**Assignment**.
The entries below must be copied exactly as they are.

Collected data:
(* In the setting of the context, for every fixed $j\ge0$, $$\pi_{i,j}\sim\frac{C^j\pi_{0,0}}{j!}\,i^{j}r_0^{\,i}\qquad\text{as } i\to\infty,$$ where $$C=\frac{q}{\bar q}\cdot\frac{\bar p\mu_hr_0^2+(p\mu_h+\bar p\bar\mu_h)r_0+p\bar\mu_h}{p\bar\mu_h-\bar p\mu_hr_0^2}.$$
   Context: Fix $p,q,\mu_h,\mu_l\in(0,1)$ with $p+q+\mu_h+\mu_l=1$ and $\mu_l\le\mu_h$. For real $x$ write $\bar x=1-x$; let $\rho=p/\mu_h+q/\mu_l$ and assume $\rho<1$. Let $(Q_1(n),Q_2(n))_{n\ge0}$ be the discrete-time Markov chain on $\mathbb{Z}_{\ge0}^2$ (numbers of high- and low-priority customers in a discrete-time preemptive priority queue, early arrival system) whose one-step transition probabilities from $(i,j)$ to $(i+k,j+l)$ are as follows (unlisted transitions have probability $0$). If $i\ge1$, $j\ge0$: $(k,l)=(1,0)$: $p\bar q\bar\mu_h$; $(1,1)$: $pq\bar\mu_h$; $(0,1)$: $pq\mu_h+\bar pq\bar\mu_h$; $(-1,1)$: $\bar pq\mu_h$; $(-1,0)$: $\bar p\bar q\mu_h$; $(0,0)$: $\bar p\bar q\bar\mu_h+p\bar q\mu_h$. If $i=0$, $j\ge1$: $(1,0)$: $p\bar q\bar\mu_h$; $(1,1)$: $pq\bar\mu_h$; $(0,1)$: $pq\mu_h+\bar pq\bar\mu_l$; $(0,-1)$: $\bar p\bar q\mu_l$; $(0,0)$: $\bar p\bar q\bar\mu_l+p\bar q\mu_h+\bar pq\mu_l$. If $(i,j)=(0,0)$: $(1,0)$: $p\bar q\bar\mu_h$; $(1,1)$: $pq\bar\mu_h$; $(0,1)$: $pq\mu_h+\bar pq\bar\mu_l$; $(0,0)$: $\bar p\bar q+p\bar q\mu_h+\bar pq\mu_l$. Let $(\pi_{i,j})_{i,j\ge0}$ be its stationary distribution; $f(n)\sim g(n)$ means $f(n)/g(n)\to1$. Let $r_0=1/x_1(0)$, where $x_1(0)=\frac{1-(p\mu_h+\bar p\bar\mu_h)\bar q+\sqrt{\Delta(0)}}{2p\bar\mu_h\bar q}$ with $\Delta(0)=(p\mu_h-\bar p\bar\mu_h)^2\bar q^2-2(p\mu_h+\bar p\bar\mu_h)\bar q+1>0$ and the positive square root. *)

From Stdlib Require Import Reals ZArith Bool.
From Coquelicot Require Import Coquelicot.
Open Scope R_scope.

**Result of the task**.
(* In the setting of the context, for every fixed $j\ge0$, $$\pi_{i,j}\sim\frac{C^j\pi_{0,0}}{j!}\,i^{j}r_0^{\,i}\qquad\text{as } i\to\infty,$$ where $$C=\frac{q}{\bar q}\cdot\frac{\bar p\mu_hr_0^2+(p\mu_h+\bar p\bar\mu_h)r_0+p\bar\mu_h}{p\bar\mu_h-\bar p\mu_hr_0^2}.$$
   Context: Fix $p,q,\mu_h,\mu_l\in(0,1)$ with $p+q+\mu_h+\mu_l=1$ and $\mu_l\le\mu_h$. For real $x$ write $\bar x=1-x$; let $\rho=p/\mu_h+q/\mu_l$ and assume $\rho<1$. Let $(Q_1(n),Q_2(n))_{n\ge0}$ be the discrete-time Markov chain on $\mathbb{Z}_{\ge0}^2$ (numbers of high- and low-priority customers in a discrete-time preemptive priority queue, early arrival system) whose one-step transition probabilities from $(i,j)$ to $(i+k,j+l)$ are as follows (unlisted transitions have probability $0$). If $i\ge1$, $j\ge0$: $(k,l)=(1,0)$: $p\bar q\bar\mu_h$; $(1,1)$: $pq\bar\mu_h$; $(0,1)$: $pq\mu_h+\bar pq\bar\mu_h$; $(-1,1)$: $\bar pq\mu_h$; $(-1,0)$: $\bar p\bar q\mu_h$; $(0,0)$: $\bar p\bar q\bar\mu_h+p\bar q\mu_h$. If $i=0$, $j\ge1$: $(1,0)$: $p\bar q\bar\mu_h$; $(1,1)$: $pq\bar\mu_h$; $(0,1)$: $pq\mu_h+\bar pq\bar\mu_l$; $(0,-1)$: $\bar p\bar q\mu_l$; $(0,0)$: $\bar p\bar q\bar\mu_l+p\bar q\mu_h+\bar pq\mu_l$. If $(i,j)=(0,0)$: $(1,0)$: $p\bar q\bar\mu_h$; $(1,1)$: $pq\bar\mu_h$; $(0,1)$: $pq\mu_h+\bar pq\bar\mu_l$; $(0,0)$: $\bar p\bar q+p\bar q\mu_h+\bar pq\mu_l$. Let $(\pi_{i,j})_{i,j\ge0}$ be its stationary distribution; $f(n)\sim g(n)$ means $f(n)/g(n)\to1$. Let $r_0=1/x_1(0)$, where $x_1(0)=\frac{1-(p\mu_h+\bar p\bar\mu_h)\bar q+\sqrt{\Delta(0)}}{2p\bar\mu_h\bar q}$ with $\Delta(0)=(p\mu_h-\bar p\bar\mu_h)^2\bar q^2-2(p\mu_h+\bar p\bar\mu_h)\bar q+1>0$ and the positive square root. *)

From Stdlib Require Import Reals ZArith Bool.
From Coquelicot Require Import Coquelicot.
Open Scope R_scope.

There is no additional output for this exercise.